Research data

With the rise of open science, and particularly following the publication of the Second National Plan for Open Science, research data is now a key concern for the academic community. For this reason, researchers and laboratories are questioning how it should be managed. Like an article, research data is intended to be shared, cited, and reused.

  • But what exactly is research data?

In 2007,INIST (Institut de l’Information Scientifique et Technique) defined research data as “factual records (figures, texts, images, and sounds) that are used as primary sources for scientific research and are generally recognized by the scientific community as necessary for validating research results.”

  • What is not included in the definition of research data?

Preliminary analyses, future work programs, peer reviews, personal communications (e.g., emails), physical objects, training materials, administrative data.

The aim of the FAIR principles is to promote the discovery, access, interoperability, and reuse of shared data. Each FAIR principle is broken down into a set of characteristics that data and metadata must have in order to facilitate their discovery and use by humans as well as machines. The four main principles are:

  • Easy to find

The principle of "easy to find" aims to facilitate the discovery of data by humans and computer systems, in particular through the use of metadata standards and persistent identifiers (e.g., DOIs).

  • Accessible

The Accessible principle allows data to be easily accessed and downloaded. It encourages the long-term storage of data and metadata and facilitates their access and/or download, specifying the conditions of access (open access or restricted) and use (license).

  • Interoperable

The principle of interoperability aims to enable data to be used regardless of the IT environment. It can be broken down into: downloadable, usable, understandable, and combinable with other data, by humans and machines.

  • Reusable

The Reusable principle aims to reuse data for future research and highlights the characteristics that make data reusable for future research or other purposes (education, innovation, reproduction/transparency of science).

Interactive visualization of the four FAIR principles provided by the DoRANum service platform:

https://view.genial.ly/5d64fbbd8352350fa3d22603/interactive-content-les-principes-fair

To effectively manage data throughout its life cycle, universities have developed the research data life cycle, which describes the process of using data from its creation to publication and reuse.

Several models describing this life cycle have been proposed, but they always include the following main phases:

A Data Management Plan (DMP) is an essential document that describes how research data will be collected, organized, stored, shared, and preserved throughout and after the completion of a research project. It ensures rigorous data management, thereby promoting data reuse and sustainability.

Upstream of the project, it is useful because it allows you to ask the right questions at each stage of your data lifecycle.

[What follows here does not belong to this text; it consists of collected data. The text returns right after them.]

(* Let $\alpha\in(0,1)$ and run GD with learning rate $\eta$ from $\mathbf{W}_0=\mathbf{0}$, where $\eta p_1\lesssim1$. Then for every $j\in[K]$ and every sufficiently large training time $t\gg\frac{\log\log K}{\eta p_j}$, $$\mathcal{L}_j^{\mathrm{GD}}(t)-\mathcal{L}_j^*\gtrsim e^{-\eta p_j t}(\log K)^2,$$ where $\mathcal{L}_j^*=-\big(1-\alpha+\tfrac{\alpha}{K}\big)\log\big(1-\alpha+\tfrac{\alpha}{K}\big)-\tfrac{\alpha(K-1)}{K}\log\tfrac{\alpha}{K}$ is the minimal sub-task loss.
   Context: Setup: $K=MC$ items in $M$ groups of $C$ items (group $i$: indices $(i-1)C+1,\dots,iC$); $\widetilde p_1>\dots>\widetilde p_M>0$, $\sum_i\widetilde p_i=1$, $p_j=\widetilde p_i/C$ for $j$ in group $i$. $\mathbf{E},\widetilde{\mathbf{E}}\in\mathbb{R}^{K\times K}$ have orthonormal columns. Noise: $p_{i\mid j}=1-\alpha+\alpha/K$ if $i=j$, $\alpha/K$ otherwise. $\widehat p_{i\mid j}(\mathbf{W})=\exp(\widetilde{\mathbf{E}}_i^\top\mathbf{W}\mathbf{E}_j)/\sum_k\exp(\widetilde{\mathbf{E}}_k^\top\mathbf{W}\mathbf{E}_j)$; $\mathcal{L}_j(\mathbf{W})=-\sum_ip_{i\mid j}\log\widehat p_{i\mid j}(\mathbf{W})$, $\mathcal{L}=\sum_jp_j\mathcal{L}_j$. GD: $\mathbf{W}_{t+1}=\mathbf{W}_t-\eta\nabla\mathcal{L}(\mathbf{W}_t)$, $\mathcal{L}^{\mathrm{GD}}_j(t)=\mathcal{L}_j(\mathbf{W}_t)$. Regime $K\gg1$, $M\ll C$; $\lesssim,\gtrsim$ hide constant factors and $\gg$ means ''much larger than''. *)

From mathcomp Require Import all_boot all_order all_algebra.
From mathcomp Require Import all_classical all_reals all_analysis.
Set Implicit Arguments. Unset Strict Implicit. Unset Printing Implicit Defensive.
Import Order.TTheory GRing.Theory Num.Theory.
Local Open Scope ring_scope.

Section Defs.
Variable R : realType.
Variable K : nat.

Definition orthonormal_cols (E : 'M[R]_K) : Prop := E^T *m E = 1%:M.

Definition pnoise (alpha : R) (i j : 'I_K) : R :=
  if i == j then 1 - alpha + alpha / K%:R else alpha / K%:R.

Definition logit (E Et W : 'M[R]_K) (i j : 'I_K) : R :=
  ((col i Et)^T *m W *m col j E) 0 0.

Definition phat (E Et W : 'M[R]_K) (i j : 'I_K) : R :=
  expR (logit E Et W i j) / \sum_(k < K) expR (logit E Et W k j).

Definition Lj (alpha : R) (E Et W : 'M[R]_K) (j : 'I_K) : R :=
  - \sum_(i < K) pnoise alpha i j * ln (phat E Et W i j).

Definition Ltot (p : 'I_K -> R) (alpha : R) (E Et W : 'M[R]_K) : R :=
  \sum_(j < K) p j * Lj alpha E Et W j.

Definition grad (f : 'M[R]_K -> R) (W : 'M[R]_K) : 'M[R]_K :=
  \matrix_(a < K, b < K) derive1 (fun h : R => f (W + h *: delta_mx a b)) 0.

Definition gd_iter (f : 'M[R]_K -> R) (eta : R) (t : nat) : 'M[R]_K :=
  iter t (fun W => W - eta *: grad f W) 0.

Definition Lstar (alpha : R) : R :=
  - (1 - alpha + alpha / K%:R) * ln (1 - alpha + alpha / K%:R)
  - alpha * (K%:R - 1) / K%:R * ln (alpha / K%:R).
End Defs.

(* group-structured frequencies: item j (0-indexed) lies in group j %/ C,
   p_j = ptilde_{group(j)} / C *)
Lemma grp_lt (M C : nat) (j : 'I_(M * C)) : (j %/ C < M)%N.
Proof.
have hj : (nat_of_ord j < M * C)%N := ltn_ord j.
move: hj; move: (nat_of_ord j) => n hj.
have hC : (0 < C)%N.
  by rewrite lt0n; apply/eqP => C0; move: hj; rewrite C0 muln0.
by rewrite ltn_divLR.
Qed.

Definition grp (M C : nat) (j : 'I_(M * C)) : 'I_M := Ordinal (grp_lt j).

Definition pgroup (R : realType) (M C : nat) (pt : 'I_M -> R) (j : 'I_(M * C)) : R :=
  pt (grp j) / C%:R.

(* Since E and Et are orthogonal, a gradient step acts on the logit matrix
   Z = Et^T W E as Z <- Z - eta G, where column j of G is
   p_j (softmax(Z_j) - p_{.|j}).  Starting from Z = 0, column j therefore stays
   of the form B 1 + u e_j, and the margin u follows the scalar recursion
   u <- u + eta p_j (1 - alpha - gap u), gap u being the difference between the
   predicted probabilities of class j and of any other class.  The optimal
   margin u* = ln (1 + K (1 - alpha) / alpha) is at least (ln K) / 2, and as gap
   is 3/8-Lipschitz the lag u* - u_t is at least
   (1 - 3 eta p_j / 8)^t u* >= exp (- eta p_j t / 2) u*.  Finally L_j - L_j^* is
   the Kullback-Leibler divergence from the noisy labels to the prediction; it
   dominates the squared Hellinger distance, hence the square of the drop of the
   top-class probability, which is of order alpha (1 - alpha) min (u* - u_t, 1). *)

From mathcomp Require Import all_boot all_order all_algebra.
From mathcomp Require Import all_classical all_reals all_analysis.
From mathcomp Require Import ring lra.
Import Order.TTheory GRing.Theory Num.Theory.
Import numFieldTopology.Exports numFieldNormedType.Exports.
Local Open Scope ring_scope.
Set Implicit Arguments. Unset Strict Implicit. Unset Printing Implicit Defensive.

(** * Softmax with one distinguished class *)

Section SoftmaxMargin.
Variable R : realType.
Implicit Types K u w : R.

Lemma ln_le_subr1 (x : R) : 0 < x -> ln x <= x - 1.
Proof.
by move=> x_gt0; have := @le_ln1Dx R (x - 1); rewrite addrCA subrr addr0; apply; lra.
Qed.

(* Predictions among K classes whose logits agree except for one distinguished
   class, which leads by the margin u. *)
Definition softmax_top K u : R := expR u / (expR u + (K - 1)).
Definition softmax_rest K u : R := (expR u + (K - 1))^-1.
Definition softmax_gap K u : R := 1 - K / (expR u + (K - 1)).

Lemma softmax_den_gt0 K u : 1 <= K -> 0 < expR u + (K - 1).
Proof. by move=> K_ge1; apply: ltr_pwDl; [exact: expR_gt0 | lra]. Qed.

Lemma softmax_gapE K u : 1 <= K ->
  softmax_gap K u = softmax_top K u - softmax_rest K u.
Proof.
move=> /(softmax_den_gt0 u) /lt0r_neq0 den_neq0.
by rewrite /softmax_gap /softmax_top /softmax_rest; field.
Qed.

Lemma softmax_top_rest K u : 1 <= K ->
  softmax_top K u + (K - 1) * softmax_rest K u = 1.
Proof.
move=> /(softmax_den_gt0 u) /lt0r_neq0 den_neq0.
by rewrite /softmax_top /softmax_rest; field.
Qed.

Lemma is_derive_softmax_gap K u : 1 <= K ->
  is_derive u 1 (softmax_gap K) (K * expR u / (expR u + (K - 1)) ^+ 2).
Proof.
move=> K_ge1.
have den_neq0 : expR u + (K - 1) != 0 by exact/lt0r_neq0/softmax_den_gt0.
have d_den : is_derive u 1 (fun v : R => expR v + (K - 1)) (expR u + 0).
  exact: is_deriveD.
have d_inv := is_deriveV (f := fun v => expR v + (K - 1)) den_neq0 d_den.
have d_gap := is_deriveB (is_derive_cst (1 : R) u 1) (is_deriveZ K d_inv).
rewrite /softmax_gap; apply: (is_derive_eq d_gap).
by rewrite /GRing.scale /=; field.
Qed.

Lemma softmax_gap_lipschitz K a b : 3 <= K -> a <= b ->
  softmax_gap K b - softmax_gap K a <= 3 / 8 * (b - a).
Proof.
move=> K_ge3 ab; have K_ge1 : 1 <= K by lra.
have gap_cont : continuous (softmax_gap K).
  move=> x; apply: differentiable_continuous; apply/derivable1_diffP.
  by have := is_derive_softmax_gap x K_ge1; case.
have [c _ ->] := MVT_segment ab (fun x _ => is_derive_softmax_gap x K_ge1)
  (continuous_subspaceT gap_cont).
apply: ler_wpM2r; first lra.
have e_gt0 : 0 < expR c := expR_gt0 c.
rewrite ler_pdivrMr; last exact/exprn_gt0/softmax_den_gt0.
(* The derivative K e / (e + K - 1)^2 is maximal at e = K - 1, where it equals
   K / (4 (K - 1)) <= 3 / 8. *)
have : 0 <= (expR c - (K - 1)) ^+ 2 by exact: sqr_ge0.
have : 0 <= expR c * (K - 3) by apply: mulr_ge0; lra.
rewrite !expr2; nra.
Qed.

Lemma softmax_top_shift K u w : 1 <= K -> 0 <= w ->
  softmax_top K u * (1 - softmax_top K u) * (1 - expR (- w))
    <= softmax_top K u - softmax_top K (u - w).
Proof.
move=> K_ge1 w_ge0; rewrite /softmax_top expRB -expRN.
set E := expR u; set v := expR (- w).
have E_gt0 : 0 < E := expR_gt0 u.
have v_gt0 : 0 < v := expR_gt0 (- w).
have den_gt0 : 0 < E + (K - 1) by lra.
have den'_gt0 : 0 < E * v + (K - 1) by apply: ltr_pwDl; [exact: mulr_gt0 | lra].
rewrite -subr_ge0.
have -> : E / (E + (K - 1)) - E * v / (E * v + (K - 1))
    - E / (E + (K - 1)) * (1 - E / (E + (K - 1))) * (1 - v)
  = E ^+ 2 * (K - 1) * (1 - v) ^+ 2 / ((E + (K - 1)) ^+ 2 * (E * v + (K - 1))).
  by field; rewrite !lt0r_neq0.
apply: divr_ge0; last by apply: mulr_ge0; [exact: sqr_ge0 | lra].
by apply: mulr_ge0; [apply: mulr_ge0; [exact: sqr_ge0 | lra] | exact: sqr_ge0].
Qed.

Lemma one_sub_expN_ge w : 0 <= w -> Num.min w 1 / 2 <= 1 - expR (- w).
Proof.
move=> w_ge0.
have expw_ge : 1 + w <= expR w := expR_ge1Dx w.
have expNw : expR (- w) * expR w = 1 by rewrite expRN mulVf // gt_eqF // expR_gt0.
have expNw_gt0 : 0 < expR (- w) := expR_gt0 (- w).
have frac_le : w / (1 + w) <= 1 - expR (- w).
  rewrite ler_pdivrMr; last lra.
  nra.
apply: le_trans frac_le; rewrite ler_pdivlMr; last lra.
by case: (leP w 1) => [w_le1 | w_gt1]; nra.
Qed.

Lemma sqr_gap_le_kl (N q s b r : R) :
  0 <= N -> 0 < q -> 0 < s -> 0 < b -> 0 < r ->
  q + N * b = 1 -> s + N * r = 1 ->
  (q - s) ^+ 2 / 4 <= q * (ln q - ln s) + N * b * (ln b - ln r).
Proof.
move=> N_ge0 q_gt0 s_gt0 b_gt0 r_gt0 qb1 sr1.
set a := Num.sqrt q; set c := Num.sqrt s.
have a_gt0 : 0 < a by rewrite sqrtr_gt0.
have c_gt0 : 0 < c by rewrite sqrtr_gt0.
have qE : q = a ^+ 2 by rewrite sqr_sqrtr // ltW.
have sE : s = c ^+ 2 by rewrite sqr_sqrtr // ltW.
have rest_le : N * b * (1 - r / b) <= N * b * (ln b - ln r).
  apply: ler_wpM2l; first exact: mulr_ge0 (ltW _).
  by have := ln_le_subr1 (divr_gt0 r_gt0 b_gt0); rewrite ln_div ?posrE //; lra.
have top_le : q * (2 * (1 - c / a)) <= q * (ln q - ln s).
  apply: ler_wpM2l; first exact: ltW.
  have := ln_le_subr1 (divr_gt0 c_gt0 a_gt0).
  by rewrite ln_div ?posrE // qE sE !lnXn //; lra.
(* the two bounds add up to the squared Hellinger distance [(a - c)^2] *)
have hellinger : (a - c) ^+ 2 <= q * (ln q - ln s) + N * b * (ln b - ln r).
  have -> : (a - c) ^+ 2 = q * (2 * (1 - c / a)) + N * b * (1 - r / b).
    have -> : N * b * (1 - r / b) = N * b - N * r by field; rewrite gt_eqF.
    have -> : N * b - N * r = s - q by lra.
    by rewrite qE sE; field; rewrite gt_eqF.
  exact: lerD.
apply: le_trans hellinger.
have a_le1 : a <= 1 by rewrite -sqrtr1 ler_sqrt //; nra.
have c_le1 : c <= 1 by rewrite -sqrtr1 ler_sqrt //; nra.
rewrite qE sE -subr_ge0.
have -> : (a - c) ^+ 2 - (a ^+ 2 - c ^+ 2) ^+ 2 / 4
  = (a - c) ^+ 2 * (4 - (a + c) ^+ 2) / 4 by field.
apply: divr_ge0; last lra.
by apply: mulr_ge0; [exact: sqr_ge0 | rewrite expr2; nra].
Qed.

Lemma expRN_le_sqr_contraction (y : R) : 0 <= y -> y <= 1 / 4 ->
  expR (- y) <= (1 - 3 / 8 * y) ^+ 2.
Proof.
move=> y_ge0 y_le.
have expy_ge : 1 + y <= expR y := expR_ge1Dx y.
have expNy : expR (- y) * expR y = 1 by rewrite expRN mulVf // gt_eqF // expR_gt0.
have expNy_gt0 : 0 < expR (- y) := expR_gt0 (- y).
have : 1 <= (1 - 3 / 8 * y) ^+ 2 * (1 + y) by rewrite expr2; nra.
rewrite expr2; nra.
Qed.

(** * The margin recursion under label noise *)

Definition gd_margin (al K y : R) (n : nat) : R :=
  iter n (fun u => u + y * (1 - al - softmax_gap K u)) 0.

Definition label_kl (al K u : R) : R :=
  (1 - al + al / K) * (ln (1 - al + al / K) - ln (softmax_top K u))
  + (K - 1) * (al / K) * (ln (al / K) - ln (softmax_rest K u)).

Definition margin_star (al K : R) : R := ln (1 + K * (1 - al) / al).

Section NoisyLabelMargin.
Variables (al K : R).

Let expR_margin_star : 0 < al -> al < 1 -> 0 < K ->
  expR (margin_star al K) = 1 + K * (1 - al) / al.
Proof.
move=> al_gt0 al_lt1 K_gt0.
rewrite lnK // posrE; apply: ltr_pwDr; last exact: ler01.
by apply: divr_gt0 => //; apply: mulr_gt0; lra.
Qed.

Lemma softmax_top_margin_star : 0 < al -> al < 1 -> 0 < K ->
  softmax_top K (margin_star al K) = 1 - al + al / K.
Proof.
move=> al_gt0 al_lt1 K_gt0.
by rewrite /softmax_top expR_margin_star //; field; rewrite !gt_eqF //=; lra.
Qed.

Lemma softmax_rest_margin_star : 0 < al -> al < 1 -> 0 < K ->
  softmax_rest K (margin_star al K) = al / K.
Proof.
move=> al_gt0 al_lt1 K_gt0.
by rewrite /softmax_rest expR_margin_star //; field; rewrite !gt_eqF //=; lra.
Qed.

Lemma softmax_gap_margin_star : 0 < al -> al < 1 -> 1 <= K ->
  softmax_gap K (margin_star al K) = 1 - al.
Proof.
move=> al_gt0 al_lt1 K_ge1; have K_gt0 : 0 < K by lra.
rewrite softmax_gapE // softmax_top_margin_star // softmax_rest_margin_star //.
lra.
Qed.

Lemma margin_star_ge : 0 < al -> al < 1 -> 1 <= K * (1 - al) ^+ 2 ->
  ln K / 2 <= margin_star al K.
Proof.
move=> al_gt0 al_lt1 K_large.
have sqr_gt0 : 0 < (1 - al) ^+ 2 by apply: exprn_gt0; lra.
have K_gt0 : 0 < K by nra.
set e := 1 + K * (1 - al) / al.
have e_ge : K * (1 - al) <= e.
  have : K * (1 - al) <= K * (1 - al) / al by rewrite ler_pdivlMr //; nra.
  rewrite /e; lra.
have K_le : K <= e ^+ 2.
  apply: (le_trans (y := (K * (1 - al)) ^+ 2)); last by rewrite lerXn2r // nnegrE; nra.
  by rewrite exprMn expr2 -mulrA ler_peMr // ltW.
have : ln K <= ln (e ^+ 2) by rewrite ler_ln // posrE exprn_gt0 //; nra.
by rewrite lnXn; [rewrite /margin_star -/e; lra | nra].
Qed.

Lemma margin_star_ge0 : 0 < al -> al < 1 -> 0 < K -> 0 <= margin_star al K.
Proof.
move=> al_gt0 al_lt1 K_gt0; apply: ln_ge0; rewrite lerDl.
by apply: divr_ge0 (ltW _) => //; apply: mulr_ge0; lra.
Qed.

It is a living document that can be updated throughout your project.

  • Why is a PGD important?

Compliance with requirements: More and more funding bodies, such as the ANR (French National Research Agency) and the European Union through Horizon 2020, require the creation of a DMP to ensure that data from the research they fund is managed correctly.

Facilitating sharing and reuse: A DMP promotes transparency and encourages the reuse of data by other researchers, thereby contributing to the advancement of scientific research.

Data preservation: By defining clear protocols for storage and backup, the DMP helps preserve data over the long term, reducing the risk of information loss or corruption.

  • What does a Data Management Plan contain?

A PGD generally includes the following elements:

Data description: Type of data collected, format, estimated volume, etc.

Data collection and processing: Collection methods, verification procedures, and quality control.

Storage and backup: Data location, backup frequency, secure access, etc.

Sharing and access: Sharing methods (e.g., deposits in data warehouses), anonymization, possible access restrictions.

Long-term preservation: Data retention period, plan for format migration if necessary, etc.

  • How to write a PGD?

At the University Library, we can help you create your Data Management Plan using tools and advice tailored to your research project. You can use DMP templates available online (such as DMPOpidor) and consult us if you have any questions about data management.